The shareholders' equity section of a balance sheet typically looks like this:
Stockholders' Equity
All amounts shown are in U.S. dollars.
Common stock at par
11,000
Preferred stock at par
2,000
Paid-in capital in excess of par
5,000
Retained earnings
2,000
Accumulated other comprehensive income
Net unrealized losses/gains on investments -1,000
Net losses/gains on pensions 3,000
Deferred losses on derivatives -1,000
Total accumulated other comprehensive income
1,000
Treasury stock
-2,000
Total equity
19,000
Total liabilities & Stockholders' equity
36,000
The shareholders' equity section of a balance sheet typically includes the following
sections:
At a minimum, there must be common stock, which represents the owners of
the company.
The company may choose to issue preferred stock as a way to raise additional
funds. The preferred stock gives preferred shareholders preference on receiving
any dividends declared, but it does not give them a share of the company's
ownership.
Both common and preferred shares are recorded to reflect the share's par value,
separate from any proceeds received from the sale of the stock in excess of this
value. The excess is referred to as paid-in capital in excess of par.

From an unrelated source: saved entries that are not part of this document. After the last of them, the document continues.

(* Let $A,B\subseteq\mathbb{N}$ with $A\cap B=\emptyset$ such that $\lim_{n\to\infty}\frac{B(n)-A(n)}{n}$ exists and is $>0$. Then there is a subset $D\subseteq B$ with $\lim_{n\to\infty}\frac{D(n)-A(n)}{n}=0$. In particular, $B\setminus D\in\mathcal{D}$.
   Context: $\mathbb{N}=\{1,2,3,\dots\}$. For $A\subseteq\mathbb{N}$ let $A(n)=|A\cap[1,n]|$. Let $\mathcal{D}$ be the collection of all $A\subseteq\mathbb{N}$ for which the asymptotic density $d(A)=\lim_{n\to\infty}\frac{A(n)}{n}$ exists. *)

From Stdlib Require Import Reals Lra Lia Arith.
From Coquelicot Require Import Coquelicot.

(* A subset of N = {1,2,3,...} is represented by its indicator function
   nat -> bool; the value at 0 is irrelevant (0 is not in N). *)

Fixpoint cnt (A : nat -> bool) (n : nat) : nat :=
  match n with
  | O => O
  | S m => (cnt A m + (if A (S m) then 1 else 0))%nat
  end.

Definition has_density (A : nat -> bool) : Prop :=
  exists d : R, is_lim_seq (fun n => INR (cnt A n) / INR n) d.

(** Match the elements of [B], in increasing order, with still unmatched
    smaller elements of [A], and let [D] be the set of matched elements of [B].
    Then [A(n) = D(n) + U(n)], where [U(n)] counts the elements of [A ∩ [1,n]]
    still unmatched at time [n].  The counter [U] is the walk
    [h(n) = A(n) - B(n)] reflected at its running minimum, so [U(n)] is an
    increment [h(n) - h(m)] with [m <= n]; as [h(n)/n] tends to the
    nonpositive limit [-l], such increments are [o(n)]. *)

From Stdlib Require Import Reals Lra Lia.
From Coquelicot Require Import Coquelicot.

Lemma initial_segment_bounded_below (u : nat -> R) (N : nat) :
  exists K, 0 <= K /\ forall m, (m < N)%nat -> - K <= u m.
Proof.
  induction N as [|N [K [HK0 HK]]].
  - exists 0. split; [lra | intros m Hm; lia].
  - exists (Rmax K (- u N)). split; [pose proof (Rmax_l K (- u N)); lra|].
    intros m Hm.
    destruct (Nat.eq_dec m N) as [->|Hne].
    + pose proof (Rmax_r K (- u N)). lra.
    + pose proof (Rmax_l K (- u N)). pose proof (HK m ltac:(lia)). lra.
Qed.

Lemma is_lim_seq_const_div_INR (K : R) :
  is_lim_seq (fun n => K / INR n) 0.
Proof.
  replace (Finite 0) with (Rbar_mult K (Rbar_inv p_infty))
    by (simpl; f_equal; ring).
  apply is_lim_seq_scal_l, is_lim_seq_inv; [exact is_lim_seq_INR | discriminate].
Qed.

(* The hypothesis [c <= 0] is what makes an increment [u n - u m] with
   [m <= n] small: it cannot profit from the linear drift of [u]. *)
Lemma is_lim_seq_increment_div_INR (u g : nat -> R) (c : R) :
  c <= 0 ->
  is_lim_seq (fun n => u n / INR n) c ->
  (forall n, 0 <= g n) ->
  (forall n, exists m, (m <= n)%nat /\ g n = u n - u m) ->
  is_lim_seq (fun n => g n / INR n) 0.
Proof.
  intros Hc Hu Hg0 Hg.
  apply is_lim_seq_spec. intros eps.
  set (e := eps / 3).
  assert (He : 0 < e) by (unfold e; destruct eps; simpl; lra).
  assert (Hlin : eventually (fun n => (c - e) * INR n < u n < (c + e) * INR n)).
  { apply is_lim_seq_spec in Hu. destruct (Hu (mkposreal e He)) as [N HN].
    exists (S N). intros n Hn.
    assert (Hn0 : 0 < INR n) by (apply lt_0_INR; lia).
    specialize (HN n ltac:(lia)). simpl in HN. apply Rabs_def2 in HN.
    replace (u n) with (u n / INR n * INR n) by (field; lra).
    split; nra. }
  destruct Hlin as [N HN].
  destruct (initial_segment_bounded_below u N) as [K [HK0 HK]].
  pose proof (is_lim_seq_const_div_INR K) as HKlim.
  apply is_lim_seq_spec in HKlim. destruct (HKlim (mkposreal e He)) as [N' HN'].
  exists (max 1 (max N N')). intros n Hn.
  assert (Hn0 : 0 < INR n) by (apply lt_0_INR; lia).
  specialize (HN' n ltac:(lia)). simpl in HN'.
  rewrite Rminus_0_r in HN'. pose proof (Rle_abs (K / INR n)).
  destruct (HN n ltac:(lia)) as [_ Hun].
  destruct (Hg n) as [m [Hmn Hgn]].
  assert (Hen : 0 <= e * INR n) by (apply Rmult_le_pos; lra).
  assert (Hbound : g n < 2 * e * INR n + K).
  { rewrite Hgn. destruct (Nat.le_gt_cases N m) as [Hm|Hm].
    - destruct (HN m Hm) as [Hum _].
      assert (INR m <= INR n) by (apply le_INR; exact Hmn).
      assert (c * (INR n - INR m) <= 0)
        by (rewrite <- (Rmult_0_l (INR n - INR m)); apply Rmult_le_compat_r; lra).
      assert (e * INR m <= e * INR n) by (apply Rmult_le_compat_l; lra).
      lra.
    - pose proof (HK m Hm).
      assert (c * INR n <= 0)
        by (rewrite <- (Rmult_0_l (INR n)); apply Rmult_le_compat_r; lra).
      lra. }
  rewrite Rminus_0_r, Rabs_pos_eq by (apply Rdiv_le_0_compat; auto).
  assert (Hsplit : (2 * e * INR n + K) / INR n = 2 * e + K / INR n)
    by (field; lra).
  apply Rle_lt_trans with ((2 * e * INR n + K) / INR n).
  - apply Rmult_le_compat_r; [apply Rlt_le, Rinv_0_lt_compat; exact Hn0 | lra].
  - rewrite Hsplit. unfold e in *. destruct eps; simpl in *. lra.
Qed.

Lemma cnt_diff_add (B D : nat -> bool) (n : nat) :
  (forall k, D k = true -> B k = true) ->
  (cnt (fun k => andb (B k) (negb (D k))) n + cnt D n = cnt B n)%nat.
Proof.
  intros HDB. induction n as [|n IH]; [reflexivity|]. simpl.
  destruct (D (S n)) eqn:HD; [rewrite (HDB _ HD)|]; destruct (B (S n)); simpl; lia.
Qed.

Fixpoint unmatched (A B : nat -> bool) (n : nat) : nat :=
  match n with
  | O => O
  | S m => if A (S m) then S (unmatched A B m)
           else if B (S m) then pred (unmatched A B m) else unmatched A B m
  end.

Definition greedy_matched (A B : nat -> bool) (n : nat) : bool :=
  match n with
  | O => false
  | S m => andb (B (S m)) (Nat.ltb 0 (unmatched A B m))
  end.

Lemma greedy_matched_sub (A B : nat -> bool) (n : nat) :
  greedy_matched A B n = true -> B n = true.
Proof.
  destruct n as [|n]; simpl; [discriminate|].
  intros H. apply andb_prop in H. tauto.
Qed.

Definition excess (A B : nat -> bool) (n : nat) : R :=
  INR (cnt A n) - INR (cnt B n).

Section GreedyMatching.

Variables A B : nat -> bool.
Hypothesis disjoint : forall n, (1 <= n)%nat -> A n = true -> B n = false.

Lemma cnt_greedy_matched (n : nat) :
  cnt A n = (cnt (greedy_matched A B) n + unmatched A B n)%nat.
Proof.
  induction n as [|n IH]; [reflexivity|].
  cbn [cnt unmatched greedy_matched].
  destruct (A (S n)) eqn:HA.
  - rewrite (disjoint (S n)) by (lia || auto). simpl. lia.
  - destruct (B (S n)); simpl; [|lia].
    destruct (unmatched A B n); simpl; lia.
Qed.

(* [m] is the last time at which every element of [A] was matched. *)
Lemma unmatched_excess_increment (n : nat) :
  exists m, (m <= n)%nat /\ INR (unmatched A B n) = excess A B n - excess A B m.
Proof.
  induction n as [|n [m [Hmn IH]]].
  - exists O. split; [lia|]. unfold excess. simpl. lra.
  - assert (Hstep : excess A B (S n) = excess A B n
                      + INR (if A (S n) then 1 else 0) - INR (if B (S n) then 1 else 0))
      by (unfold excess; simpl cnt; rewrite !plus_INR; lra).
    simpl unmatched. destruct (A (S n)) eqn:HA.
    + rewrite (disjoint (S n)) in Hstep by (lia || auto).
      exists m. split; [lia|]. rewrite S_INR. simpl in Hstep. lra.
    + destruct (B (S n)) eqn:HB.
      * destruct (unmatched A B n) as [|k] eqn:Hk.
        -- exists (S n). split; [lia | simpl; lra].
        -- exists m. split; [lia|]. rewrite S_INR in IH. simpl in *. lra.
      * exists m. split; [lia|]. simpl in Hstep. lra.
Qed.

Lemma unmatched_sublinear (l : R) :
  0 <= l ->
  is_lim_seq (fun n => (INR (cnt B n) - INR (cnt A n)) / INR n) l ->
  is_lim_seq (fun n => INR (unmatched A B n) / INR n) 0.
Proof.
  intros Hl HL.
  apply (is_lim_seq_increment_div_INR (excess A B) _ (- l)); [lra| | |].
  - apply is_lim_seq_ext with (fun n => - ((INR (cnt B n) - INR (cnt A n)) / INR n)).
    + intros n. unfold excess, Rdiv. ring.
    + apply (is_lim_seq_opp _ l). exact HL.
  - intros n. apply pos_INR.
  - exact unmatched_excess_increment.
Qed.

Lemma greedy_matched_balance (l : R) :
  0 <= l ->
  is_lim_seq (fun n => (INR (cnt B n) - INR (cnt A n)) / INR n) l ->
  is_lim_seq (fun n => (INR (cnt (greedy_matched A B) n) - INR (cnt A n)) / INR n) 0.
Proof.
  intros Hl HL.
  apply is_lim_seq_ext with (fun n => - (INR (unmatched A B n) / INR n)).
  - intros n. rewrite cnt_greedy_matched, plus_INR. unfold Rdiv. ring.
  - replace (Finite 0) with (Rbar_opp 0) by (simpl; f_equal; ring).
    apply -> is_lim_seq_opp. exact (unmatched_sublinear l Hl HL).
Qed.

End GreedyMatching.

Theorem lemma3p5 (A B : nat -> bool) :
  (forall n : nat, (1 <= n)%nat -> A n = true -> B n = false) ->
  (exists l : R, (l > 0)%R /\
     is_lim_seq (fun n => ((INR (cnt B n) - INR (cnt A n)) / INR n)%R) l) ->
  exists D : nat -> bool,
    (forall n : nat, D n = true -> B n = true) /\
    is_lim_seq (fun n => ((INR (cnt D n) - INR (cnt A n)) / INR n)%R) 0%R /\
    has_density (fun n => andb (B n) (negb (D n))).
Proof.
  intros disjoint [l [Hl HL]].
  pose proof (greedy_matched_sub A B) as HDB.
  pose proof (greedy_matched_balance A B disjoint l (Rlt_le _ _ Hl) HL) as HD.
  exists (greedy_matched A B). split; [exact HDB | split; [exact HD|]].
  exists (l - 0).
  apply is_lim_seq_ext with (fun n =>
    (INR (cnt B n) - INR (cnt A n)) / INR n
    - (INR (cnt (greedy_matched A B) n) - INR (cnt A n)) / INR n).
  - intros n. rewrite <- (cnt_diff_add B (greedy_matched A B) n HDB), plus_INR.
    unfold Rdiv. ring.
  - apply is_lim_seq_minus'; assumption.
Qed.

o When issuing stock, the concept of par value is to prevent distributions,
or dividends, out of stockholders' equity from exceeding the minimum
figure chosen by the company. This was originally meant to protect
creditors from having excessive distributions to stockholders, thus
lowering net asset-values below the value needed to cover creditor debt
obligations; however, because most stocks are issued with a nominal par
value ($1.00 or less), the point has become moot.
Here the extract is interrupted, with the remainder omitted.